(Beginning of Stored data)
(* Let $H$ be a finite group of odd order such that $d(\mathbb{Z}_2\times H)=2$. Then $\mathsf{GEN}(\mathbb{Z}_2\times H)=*0$.
   Context: For a finite group $G$, $\mathsf{GEN}(G)$ is the following impartial two-player game. A position is a set of elements selected so far; the starting position is $\emptyset$. From a position $P$ with $\langle P\rangle\neq G$, the player to move selects some $g\in G\setminus P$, producing the position $P\cup\{g\}$ (these are the options of $P$); a position $P$ with $\langle P\rangle = G$ has no options. The nim-number of a position is defined recursively by $\operatorname{nim}(P)=\operatorname{mex}\{\operatorname{nim}(Q): Q \text{ an option of } P\}$, where $\operatorname{mex}(A)$ is the least nonnegative integer not in $A$. We write $\mathsf{GEN}(G)=*n$ if $\operatorname{nim}(\emptyset)=n$. $d(G)$ denotes the minimum size of a generating set of $G$; $\mathbb{Z}_2$ is the cyclic group of order $2$. *)

From mathcomp Require Import all_boot all_fingroup all_algebra.
Set Implicit Arguments. Unset Strict Implicit. Unset Printing Implicit Defensive.
Local Open Scope group_scope.

Definition mex (s : seq nat) : nat := find (fun k => k \notin s) (iota 0 (size s).+1).

Section Gen.
Variable gT : finGroupType.
Variable G : {set gT}.

(* d(G): minimum size of a generating set of G (G itself generates G) *)
Definition dgen : nat :=
  \big[minn/#|G|]_(A : {set gT} | (A \subset G) && (<<A>> == G)) #|A|.

Fixpoint nim_fuel (n : nat) (P : {set gT}) : nat :=
  match n with
  | 0 => 0
  | n'.+1 => if <<P>> == G then 0
             else mex [seq nim_fuel n' (g |: P) | g <- enum (G :\: P)]
  end.

(* enough fuel: every play from P (a subset of G) lasts at most #|G| - #|P| moves *)
Definition nim (P : {set gT}) : nat := nim_fuel (#|G| - #|P|).+1 P.

(* GEN(G) = *n  iff  nim_GEN G = n *)
Definition nim_GEN : nat := nim set0.
End Gen.

From mathcomp Require Import all_boot all_order all_fingroup all_algebra.
From mathcomp Require Import cyclic zify.
Set Implicit Arguments. Unset Strict Implicit. Unset Printing Implicit Defensive.
Local Open Scope group_scope.
Import Order.TTheory.

(* Let tau = (1, 1) be the central involution of Z_2 x H.  The second player
   maintains two properties of the position P: it is closed under x |-> x tau,
   and no single element of H generates H together with the H-coordinates of P.
   The empty position has them because H is not cyclic (d(Z_2 x H) = 2).  If the
   opponent's move g preserves the second property, the answer g tau restores the
   first one without changing the H-coordinates.  Otherwise some k in H generates
   H together with the H-coordinates, and the answer (1, k) generates Z_2 x H and
   ends the game: since |H| is odd, an odd power of (1, k) is tau. *)

Lemma mex_eq0 (s : seq nat) : (mex s == 0%N) = (0%N \notin s).
Proof. by rewrite /mex /=; case: ifP. Qed.

Lemma dgen_le_card (gT : finGroupType) (G A : {set gT}) :
  A \subset G -> <<A>> = G -> (dgen G <= #|A|)%N.
Proof.
move=> sAG genA.
by apply: (@bigmin_le_cond _ nat _ #|G|); rewrite sAG genA eqxx.
Qed.

Section NimTheory.
Variables (gT : finGroupType) (G : {set gT}).

Lemma nim_generating (P : {set gT}) : <<P>> = G -> nim G P = 0%N.
Proof. by move=> genP; rewrite /nim /= genP eqxx. Qed.

Lemma nim_unfold (P : {set gT}) : P \subset G -> <<P>> != G ->
  nim G P = mex [seq nim G (g |: P) | g <- enum (G :\: P)].
Proof.
move=> sPG ngenP; rewrite /nim /= (negbTE ngenP); congr mex.
apply/eq_in_map => g; rewrite mem_enum inE => /andP[gP gG].
have cardQ : #|g |: P| = #|P|.+1 by rewrite cardsU1 gP.
have : (#|g |: P| <= #|G|)%N by apply: subset_leq_card; rewrite subUset sub1set gG.
rewrite /nim cardQ => leQG.
by have -> : (#|G| - #|P| = (#|G| - #|P|.+1).+1)%N by lia.
Qed.

Lemma nim_eq0_of_invariant (W : {set gT} -> Prop) :
  (forall (P : {set gT}) (g : gT), P \subset G -> W P -> g \in G :\: P ->
     <<g |: P>> != G /\
     exists2 h, h \in G :\: (g |: P) & W (h |: (g |: P)) \/ <<h |: (g |: P)>> = G) ->
  forall P : {set gT}, P \subset G -> W P -> nim G P = 0%N.
Proof.
move=> reply P; have [n] := ubnP (#|G| - #|P|).
elim: n P => // n IH P ltPn sPG WP.
have [genP | ngenP] := eqVneq <<P>> G; first exact: nim_generating.
rewrite nim_unfold //; apply/eqP; rewrite mex_eq0.
apply/mapP => -[g]; rewrite mem_enum => gGP /esym/eqP; apply/negP.
have [ngenQ [h hGQ Wh]] := reply P g sPG WP gGP.
move: gGP hGQ; rewrite !inE negb_or => /andP[gP gG] /andP[/andP[hg hP] hG].
have sQG : g |: P \subset G by rewrite subUset sub1set gG.
rewrite nim_unfold // mex_eq0 negbK; apply/mapP; exists h.
  by rewrite mem_enum !inE negb_or hg hP hG.
case: Wh => [Wh | genR]; last by rewrite nim_generating.
apply/esym/IH => //; last by rewrite subUset sub1set hG.
have : (#|h |: (g |: P)| <= #|G|)%N.
  by apply: subset_leq_card; rewrite !subUset !sub1set hG gG.
rewrite !cardsU1 !inE negb_or hg hP gP; lia.
Qed.

End NimTheory.

Lemma gen_imset_snd (aT bT : finGroupType) (P : {set aT * bT}) :
  <<[set x.2 | x in P]>> = snd @* <<P>>.
Proof. by rewrite morphim_gen ?subsetT // morphimEsub ?subsetT. Qed.

Lemma pairX (aT bT : finGroupType) (x : aT * bT) n : x ^+ n = (x.1 ^+ n, x.2 ^+ n).
Proof. by case: x => a b; elim: n => // n IH; rewrite !expgS IH. Qed.

Section Z2xOdd.
Variables (hT : finGroupType) (H : {group hT}).

Local Notation G := (setX (Zp 2) H).
Local Notation pr2 P := [set x.2 | x in P].

Definition tau : 'Z_2 * hT := (Zp1, 1).

Lemma mem_Z2X (x : 'Z_2 * hT) : (x \in G) = (x.2 \in H).
Proof. by case: x => a h; rewrite in_setX mem_Zp. Qed.

Lemma pr2_Z2X : pr2 G = H.
Proof. by rewrite -[RHS](morphim_sndX [group of Zp 2]) morphimEsub ?subsetT. Qed.

Lemma gen_pr2 (P : {set 'Z_2 * hT}) : <<P>> = G -> <<pr2 P>> = H.
Proof. by rewrite gen_imset_snd => ->; rewrite morphimEsub ?subsetT // pr2_Z2X. Qed.

Hypothesis oddH : odd #|H|.

Lemma tau_in_gen (R : {set 'Z_2 * hT}) (z : 'Z_2 * hT) :
  z \in R -> z.1 = Zp1 -> z.2 \in H -> tau \in <<R>>.
Proof.
move=> zR z1 z2H; have odd_z2 : odd #[z.2] by apply: dvdn_odd oddH; apply: order_dvdG.
have -> : tau = z ^+ #[z.2].
  by rewrite pairX expg_order z1 -expg_mod_order order_Zp1 modn2 odd_z2 expg1.
by rewrite groupX ?mem_gen.
Qed.

Lemma Z2X_gen (R : {set 'Z_2 * hT}) (z : 'Z_2 * hT) :
  R \subset G -> z \in R -> z.1 = Zp1 -> <<pr2 R>> = H -> <<R>> = G.
Proof.
move=> sRG zR z1 genH.
have z2H : z.2 \in H by rewrite -mem_Z2X (subsetP sRG).
have tauR := tau_in_gen zR z1 z2H.
apply/eqP; rewrite eqEsubset gen_subG sRG /=; apply/subsetP => -[b h].
rewrite mem_Z2X /= => hH; have : h \in snd @* <<R>> by rewrite -gen_imset_snd genH.
case/morphimP => x _ xR /= ->.
have -> : (b, x.2) = tau ^+ (b * x.1^-1)%g * x.
  rewrite pairX Zp1_expgz expg1n; case: x {xR} => a c /=.
  by congr (_, _); rewrite /= ?mulgKV ?mul1g.
by rewrite groupM ?groupX.
Qed.

Definition tau_closed (P : {set 'Z_2 * hT}) := {in P, forall x, x * tau \in P}.

Definition safe (P : {set 'Z_2 * hT}) := [forall k in H, <<k |: pr2 P>> != H].

Lemma tau_neq (x : 'Z_2 * hT) : x * tau != x.
Proof.
by case: x => a h; apply/eqP => /(congr1 fst) /=; rewrite -{2}[a]mulg1 => /mulgI /eqP.
Qed.

Lemma tau_involutive : tau * tau = 1.
Proof. by congr (_, _); [apply/val_inj | apply: mulg1]. Qed.

Lemma safe_option_nongen (P : {set 'Z_2 * hT}) (g : 'Z_2 * hT) :
  safe P -> <<g |: P>> != G.
Proof.
move=> safeP; apply/eqP => genQ.
have g2H : g.2 \in H by rewrite -mem_Z2X -genQ mem_gen ?setU11.
by move/forall_inP: safeP => /(_ _ g2H); rewrite -imsetU1 gen_pr2 ?eqxx.
Qed.

Lemma pairing_reply (P : {set 'Z_2 * hT}) (g : 'Z_2 * hT) :
  tau_closed P -> g \in G :\: P ->
  [/\ g * tau \in G :\: (g |: P), tau_closed (g * tau |: (g |: P))
    & pr2 (g * tau |: (g |: P)) = pr2 (g |: P)].
Proof.
move=> tauP; rewrite inE => /andP[gP gG]; split.
- rewrite in_setD in_setU1 negb_or tau_neq groupM ?andbT //; last first.
    by rewrite in_setX mem_Zp ?group1.
  by apply: contra gP => /tauP; rewrite -mulgA tau_involutive mulg1.
- move=> x; rewrite !inE => /or3P[/eqP-> | /eqP-> | xP].
  + by rewrite -mulgA tau_involutive mulg1 eqxx orbT.
  + by rewrite eqxx.
  + by rewrite tauP ?orbT.
- by rewrite imsetU1 /= mulg1; apply/setUidPr; rewrite sub1set imset_f ?setU11.
Qed.

Lemma winning_reply (P : {set 'Z_2 * hT}) (k : hT) :
  P \subset G -> <<P>> != G -> k \in H -> <<k |: pr2 P>> = H ->
  (Zp1, k) \in G :\: P /\ <<(Zp1, k) |: P>> = G.
Proof.
move=> sPG ngenP kH genH.
have genR : <<(Zp1, k) |: P>> = G.
  by apply: (Z2X_gen _ (setU11 _ _)); rewrite ?imsetU1 // subUset sub1set mem_Z2X kH.
split=> //; rewrite inE mem_Z2X kH andbT; apply: contra ngenP => kP.
by rewrite -genR (setUidPr _) ?sub1set.
Qed.

Lemma Z2X_winning_invariant (P : {set 'Z_2 * hT}) (g : 'Z_2 * hT) :
  P \subset G -> tau_closed P /\ safe P -> g \in G :\: P ->
  <<g |: P>> != G /\
  exists2 h, h \in G :\: (g |: P) &
    (tau_closed (h |: (g |: P)) /\ safe (h |: (g |: P))) \/ <<h |: (g |: P)>> = G.
Proof.
move=> sPG [tauP safeP] gGP; have ngenQ := safe_option_nongen g safeP.
split=> //; have [hGQ tauR pr2R] := pairing_reply tauP gGP.
have [safeQ | /forall_inPn[k kH /negPn/eqP genH]] := boolP (safe (g |: P)).
  by exists (g * tau) => //; left; rewrite /safe pr2R.
have sQG : g |: P \subset G by rewrite subUset sub1set (setDP gGP).1 sPG.
by have [kGQ genR] := winning_reply sQG ngenQ kH genH; exists (Zp1, k) => //; right.
Qed.

Lemma safe_set0 : (1 < dgen G)%N -> safe set0.
Proof.
move=> dG; apply/forall_inP => k kH; apply/eqP => genH.
have sRG : [set (Zp1, k)] \subset G by rewrite sub1set mem_Z2X.
have genR : <<[set (Zp1, k)]>> = G.
  by apply: (Z2X_gen sRG (set11 _)); rewrite // imset_set1 -genH imset0 setU0.
by have := dgen_le_card sRG genR; rewrite cards1 leqNgt dG.
Qed.

End Z2xOdd.

Theorem proposition4p9 (hT : finGroupType) (H : {group hT}) :
  odd #|H| -> dgen (setX (Zp 2) H) = 2 -> nim_GEN (setX (Zp 2) H) = 0.
Proof.
move=> oddH d2; apply: (nim_eq0_of_invariant (Z2X_winning_invariant oddH)).
  exact: sub0set.
split; first by move=> x; rewrite inE.
by apply: (safe_set0 oddH); rewrite d2.
Qed.
(* Let $\rho_{AB}$ and $\sigma_B$ be quantum states, $\varepsilon\in(0,1)$, and let $S_A$ be a convex set of quantum states on register $A$. There exists an operator $M^*$ satisfying $\mathrm{Tr}[M^*\rho_{AB}]\ge1-\varepsilon$ such that for all quantum states $\tau_A\in S_A$, $$\mathrm{Tr}[M^*(\tau_A\otimes\sigma_B)]\le 2^{-\tilde{\mathrm{I}}^{\varepsilon,S_A}_{\mathrm{H}}(A:B)_{\rho_{AB},\sigma_B}}.$$
   Context: Finite-dimensional Hilbert spaces; $\log$ base 2. $\mathrm{D}^{\varepsilon}_{\mathrm{H}}(\rho\|\sigma)=\max\{-\log\mathrm{Tr}[M\sigma]: 0\preceq M\preceq \mathbb{I},\ \mathrm{Tr}[M\rho]\ge 1-\varepsilon\}$. For a convex set $S_A$ of states on $A$, $\tilde{\mathrm{I}}^{\varepsilon,S_A}_{\mathrm{H}}(A:B)_{\rho_{AB},\sigma_B}=\min_{\tau_A\in S_A}\mathrm{D}^{\varepsilon}_{\mathrm{H}}(\rho_{AB}\|\tau_A\otimes\sigma_B)$. *)

From HB Require Import structures.
From mathcomp Require Import all_boot all_order all_algebra.
From mathcomp Require Import complex mxtens.
From mathcomp Require Import boolp classical_sets reals ereal exp.
Set Implicit Arguments. Unset Strict Implicit. Unset Printing Implicit Defensive.
Import Order.TTheory GRing.Theory Num.Theory.
Local Open Scope ring_scope.
Local Open Scope classical_set_scope.

Section QDefs.
Variable R : realType.
Local Notation C := R[i].

Definition adjmx m n (A : 'M[C]_(m, n)) : 'M[C]_(n, m) :=
  (map_mx (fun z : C => (z^*)%C) A)^T.

Definition hermitian n (A : 'M[C]_n) : Prop := adjmx A = A.

Definition psd n (A : 'M[C]_n) : Prop :=
  hermitian A /\ forall v : 'cV[C]_n, 0 <= (adjmx v *m A *m v) 0 0.

Definition loewner n (A B : 'M[C]_n) : Prop := psd (B - A).

Definition is_state n (rho : 'M[C]_n) : Prop := psd rho /\ \tr rho = 1.

(* real part of the trace (traces below are of products of PSD operators,
   hence real) *)
Definition trR n (A : 'M[C]_n) : R := complex.Re (\tr A).

Definition test_op n (M : 'M[C]_n) : Prop := loewner 0 M /\ loewner M 1%:M.

Definition neglog2 (x : R) : \bar R :=
  if x <= 0 then +oo%E else (- (ln x / ln 2))%:E.

Definition exp2E (x : \bar R) : \bar R :=
  match x with
  | EFin r => (2 `^ r)%:E
  | +oo%E => +oo%E
  | -oo%E => 0%E
  end.

Definition DH n (eps : R) (rho sigma : 'M[C]_n) : \bar R :=
  ereal_sup [set neglog2 (trR (M *m sigma)) |
             M in [set M : 'M[C]_n | test_op M /\ 1 - eps <= trR (M *m rho)]].

Definition ItildeH dA dB (eps : R) (SA : set 'M[C]_dA)
    (rho : 'M[C]_(dA * dB)) (sigma : 'M[C]_dB) : \bar R :=
  ereal_inf [set DH eps rho (tau *t sigma) | tau in SA].

Definition convex_mxset n (S : set 'M[C]_n) : Prop :=
  forall x y, S x -> S y -> forall t : R, 0 <= t <= 1 ->
    S ((t%:C)%C *: x + ((1 - t)%:C)%C *: y).

End QDefs.

(* The tests [M] with [0 <= M <= 1] and [Tr[M rho] >= 1 - eps] form a compact
   convex set [K], and the payoff [Tr[M (tau *t sigma)]] is affine both in [M]
   and in [tau]. By definition of [ItildeH], for every [tau] in [S_A] and every
   [c > 2^(-ItildeH)] some test in [K] has payoff at most [c]; a minimax
   theorem for such payoffs yields a single test that works for all [tau].
   The minimax theorem follows Komiya's elementary proof of Sion's theorem:
   the case of two functions reduces to the connectedness of [0, 1], and the
   general case follows by induction on finite families and compactness.
   Compactness of [K] is checked in real coordinates, where [K] is closed and
   bounded. *)

From Pilot Require Import Defs.
From HB Require Import structures.
From mathcomp Require Import all_boot all_order all_algebra.
From mathcomp Require Import complex mxtens.
From mathcomp Require Import boolp classical_sets reals ereal exp.
From mathcomp Require Import topology normedtype derive.
From mathcomp Require Import ring lra.
Import Order.TTheory GRing.Theory Num.Theory.
Import numFieldNormedType.Exports.
Local Open Scope ring_scope.
Local Open Scope classical_set_scope.

(** * Minimax for affine functions on a compact convex set *)

Section ConvexCombinations.
Context {R : realFieldType}.

Lemma conv_le (a b c l : R) : 0 <= l <= 1 -> a <= c -> b <= c ->
  l * a + (1 - l) * b <= c.
Proof. by move=> /andP[l0 l1] ac bc; nra. Qed.

Lemma conv_ge (a b c l : R) : 0 <= l <= 1 -> c <= a -> c <= b ->
  c <= l * a + (1 - l) * b.
Proof. by move=> /andP[l0 l1] ca cb; nra. Qed.

Lemma conv_gt (a b c l : R) : 0 <= l <= 1 -> c < a -> c < b ->
  c < l * a + (1 - l) * b.
Proof.
move=> /andP[l0 l1] ca cb; have [->|lnz] := eqVneq l 0; first lra.
have lp : 0 < l by rewrite lt_neqAle eq_sym lnz.
have := mulr_gt0 lp (ltac:(lra) : 0 < a - c).
have := mulr_ge0 (ltac:(lra) : 0 <= 1 - l) (ltac:(lra) : 0 <= b - c).
nra.
Qed.

Lemma conv_root (p q : R) : p <= 0 <= q ->
  exists2 a, 0 <= a <= 1 & a * p + (1 - a) * q = 0.
Proof.
move=> /andP[p0 q0]; have [pq|pq] := eqVneq p q.
  by exists 0; [rewrite lexx ler01|rewrite mul0r add0r subr0 mul1r; lra].
have qp0 : 0 < q - p by rewrite subr_gt0 lt_neqAle pq; lra.
exists (q / (q - p)).
  by rewrite divr_ge0 ?ler_pdivrMr ?mul1r; lra.
by field; rewrite gt_eqF.
Qed.

Lemma continuous_lincomb {T : topologicalType} (p q : R) {f g : T -> R} :
  continuous f -> continuous g -> continuous (fun x => p * f x + q * g x).
Proof.
move=> fc gc x.
by apply: cvgD; apply: cvgM; [exact: cvg_cst|exact: fc|exact: cvg_cst|exact: gc].
Qed.

End ConvexCombinations.

Section CompactSublevels.
Context {R : realType} {T : topologicalType}.
Implicit Types (K : set T) (h f u v : T -> R).

Lemma closed_sublevel {h} (c : R) : continuous h -> closed [set x | h x <= c].
Proof. by move=> /continuous_closedP/(_ _ (@closed_le _ c)). Qed.

Lemma compact_min_le K h (t : R) : compact K -> continuous h ->
  (forall c, t < c -> exists2 x, K x & h x <= c) -> exists2 x, K x & h x <= t.
Proof.
move=> Kc hc approx.
have [x1 Kx1 _] := approx (t + 1) ltac:(by rewrite ltrDl).
have [x Kx xmin] := compact_EVT_min (ex_intro K x1 Kx1) Kc (continuous_subspaceT hc).
exists x; first by rewrite inE in Kx.
apply/ler_addgt0Pr => e e0; have [z Kz hz] := approx (t + e) ltac:(by rewrite ltrDl).
by apply: le_trans hz; apply: xmin; rewrite inE.
Qed.

Lemma near_sublevel_gap {K f u v} {c : R} (s : R) : compact K ->
  continuous f -> continuous u -> continuous v ->
  (forall x, K x -> f x <= c -> c < u x) ->
  \forall m \near s, forall x, K x -> f x <= c -> c < u x + (m - s) * v x.
Proof.
move=> Kc fc uc vc gap; set K' := K `&` [set x | f x <= c].
have [[x0 K'x0]|K'0] := pselect (K' !=set0); last first.
  by near=> m => x Kx fx; exfalso; apply: K'0; exists x.
have K'c : compact K' by apply: compact_closedI => //; exact: closed_sublevel.
have [xu /[!inE] -[Kxu fxu] umin] :=
  compact_EVT_min (ex_intro K' x0 K'x0) K'c (continuous_subspaceT uc).
have vnc : continuous (fun x => `|v x|).
  by move=> x; apply: continuous_comp; [exact: vc|exact: norm_continuous].
have [xv _ vmax] := compact_EVT_max (ex_intro K x0 K'x0.1) Kc (continuous_subspaceT vnc).
set e := u xu - c; set B := `|v xv| + 1.
have e0 : 0 < e by rewrite subr_gt0; exact: gap.
have B0 : 0 < B by rewrite ltr_wpDl.
near=> m => x Kx fx.
have vB : `|v x| <= B by rewrite (le_trans (vmax x _)) ?lerDl // inE.
have ux : u xu <= u x by apply: umin; rewrite inE.
have : `|(m - s) * v x| < e.
  rewrite normrM (le_lt_trans (ler_wpM2l _ vB)) // -ltr_pdivlMr //.
  near: m; move: (divr_gt0 e0 B0).
  by move/(cvgr_distC_lt (F := nbhs s) id s cvg_id).
rewrite ltr_norml => /andP[+ _]; rewrite /e; lra.
Unshelve. all: by end_near.
Qed.

End CompactSublevels.

Lemma connected_locally_constant {T : topologicalType} {A : set T} {P : T -> Prop} :
  connected A -> (forall x, A x -> \forall y \near x, A y -> (P y <-> P x)) ->
  forall x y, A x -> A y -> P x -> P y.
Proof.
move=> Acon Aloc x y Ax Ay Px; apply: contrapT => nPy.
have sep Q : (forall z, A z -> \forall w \near z, A w -> (Q w <-> Q z)) ->
    closure (A `&` Q) `&` (A `&` ~` Q) = set0.
  move=> Qloc; apply/seteqP; split => // z [clz [Az nQz]].
  have [w [[Aw Qw] wz]] := clz _ (Qloc z Az).
  by apply: nQz; apply/(wz Aw).
have nAloc z : A z -> \forall w \near z, A w -> ((~` P) w <-> (~` P) z).
  move=> Az; apply: filterS (Aloc z Az) => w PwPz Aw.
  by split=> nP P'; apply: nP; apply/(PwPz Aw).
move/connectedP: Acon => /(_ (fun b => if b then A `&` ~` P else A `&` P)).
apply; split.
- by case; [exists y|exists x].
- apply/seteqP; split=> [z Az|z [[]|[]] //].
  by have [Pz|nPz] := pselect (P z); [left|right].
- split; first exact: sep.
  by rewrite setIC -[in X in _ `&` (_ `&` X)](setCK P); exact: sep.
Qed.

Section Minimax.
Context {R : realType} {X : topologicalLmodType R}.

Definition conv_closed (K : set X) :=
  forall x z a, K x -> K z -> 0 <= a <= 1 -> K (a *: x + (1 - a) *: z).

Definition affine (f : X -> R) :=
  forall x z a, f (a *: x + (1 - a) *: z) = a * f x + (1 - a) * f z.

Lemma affine_lincomb (p q : R) {f g : X -> R} :
  affine f -> affine g -> affine (fun x => p * f x + q * g x).
Proof. by move=> fa ga x z a; rewrite fa ga; ring. Qed.

Lemma scalar_affine {f : X -> R} : scalar f -> affine f.
Proof. by move=> flin x z a; rewrite flin (scalable_linear flin). Qed.

Lemma conv_closed_sublevel {K : set X} {f : X -> R} (c : R) :
  conv_closed K -> affine f -> conv_closed (K `&` [set x | f x <= c]).
Proof.
move=> Kcv fa x z a [Kx fx] [Kz fz] a01; split; first exact: Kcv.
by rewrite /= fa; exact: conv_le.
Qed.

(* The segment from [x] to [z] crosses the hyperplane [f1 = f2], on which
   every combination of [f1] and [f2] coincides with both. *)
Lemma segment_cross {K : set X} {f1 f2 : X -> R} {l c : R} {x z : X} :
  conv_closed K -> affine f1 -> affine f2 -> K x -> K z ->
  l * f1 x + (1 - l) * f2 x <= c -> l * f1 z + (1 - l) * f2 z <= c ->
  f1 x <= f2 x -> f2 z <= f1 z -> exists2 w, K w & f1 w <= c /\ f2 w <= c.
Proof.
move=> Kcv f1a f2a Kx Kz hx hz f12x f21z.
have [|a a01 cross] := @conv_root _ (f1 x - f2 x) (f1 z - f2 z).
  by apply/andP; lra.
set w := a *: x + (1 - a) *: z.
have f12w : f1 w = f2 w.
  by apply/eqP; rewrite -subr_eq0 -cross /w f1a f2a; apply/eqP; ring.
have hw : l * f1 w + (1 - l) * f2 w <= c.
  by rewrite /w (affine_lincomb l (1 - l) f1a f2a); exact: conv_le.
by exists w; [exact: Kcv|rewrite -f12w; move: hw; rewrite f12w; lra].
Qed.

Lemma conv_sublevels_meet {K : set X} {f1 f2 : X -> R} (c : R) :
  compact K -> conv_closed K -> continuous f1 -> continuous f2 ->
  affine f1 -> affine f2 ->
  (forall l, 0 <= l <= 1 -> exists2 x, K x & l * f1 x + (1 - l) * f2 x <= c) ->
  exists2 x, K x & f1 x <= c /\ f2 x <= c.
Proof.
move=> Kc Kcv f1c f2c f1a f2a H; apply: contrapT => nosol.
pose h l x := l * f1 x + (1 - l) * f2 x.
(* Without a common solution, [S f1] and [S f2] split [0, 1] into two disjoint
   relatively open sets containing [1] and [0] respectively. *)
pose S f l := exists2 x, K x & h l x <= c /\ f x <= c.
have S_cover l : 0 <= l <= 1 -> S f1 l \/ S f2 l.
  move=> l01; have [x Kx hx] := H l l01.
  have [f1x|f1x] := leP (f1 x) c; first by left; exists x.
  have [f2x|f2x] := leP (f2 x) c; first by right; exists x.
  suff : c < h l x by rewrite ltNge hx.
  exact: conv_gt.
have S_excl l : S f1 l -> S f2 l -> False.
  move=> [x Kx [hx f1x]] [z Kz [hz f2z]]; apply: nosol.
  have [f12x|/ltW f21x] := leP (f1 x) (f2 x); last by exists x => //; split; lra.
  have [f21z|/ltW f12z] := leP (f2 z) (f1 z); last by exists z => //; split; lra.
  exact: (segment_cross Kcv f1a f2a Kx Kz hx hz).
have S_stable f l : continuous f -> ~ S f l -> \forall m \near l, ~ S f m.
  move=> fc nS; have gap x : K x -> f x <= c -> c < h l x.
    by move=> Kx fx; rewrite ltNge; apply/negP => hx; apply: nS; exists x.
  have := near_sublevel_gap l Kc fc (continuous_lincomb l (1 - l) f1c f2c)
    (continuous_lincomb 1 (-1) f1c f2c) gap.
  apply: filterS => m gapm [x Kx [hx fx]].
  by have := gapm x Kx fx; move: hx; rewrite /h; lra.
have S1_loc (l : R) : `[0, 1]%classic l ->
    \forall m \near l, `[0, 1]%classic m -> (S f1 m <-> S f1 l).
  move=> _; have [S1l|nS1l] := pselect (S f1 l); last first.
    by apply: filterS (S_stable f1 l f1c nS1l) => m nS1m _; split.
  apply: filterS (S_stable f2 l f2c (S_excl l S1l)) => m nS2m.
  rewrite /= in_itv /= => /S_cover[S1m|//]; by split.
have S1_1 : S f1 1.
  have [|x Kx hx] := H 1; first by rewrite ler01 lexx.
  by exists x => //; move: hx; rewrite /h; split; lra.
have S2_0 : S f2 0.
  have [|x Kx hx] := H 0; first by rewrite ler01 lexx.
  by exists x => //; move: hx; rewrite /h; split; lra.
apply: (S_excl 0 _ S2_0).
by apply: (connected_locally_constant (@segment_connected R 0 1) S1_loc _ _ _ _ S1_1);
  rewrite /= in_itv /= ler01 lexx.
Qed.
(End of Stored data)
Whenever a line of the entries contains the string "seteqP", copy that line.

Task response
  move=> Qloc; apply/seteqP; split => // z [clz [Az nQz]].
- apply/seteqP; split=> [z Az|z [[]|[]] //].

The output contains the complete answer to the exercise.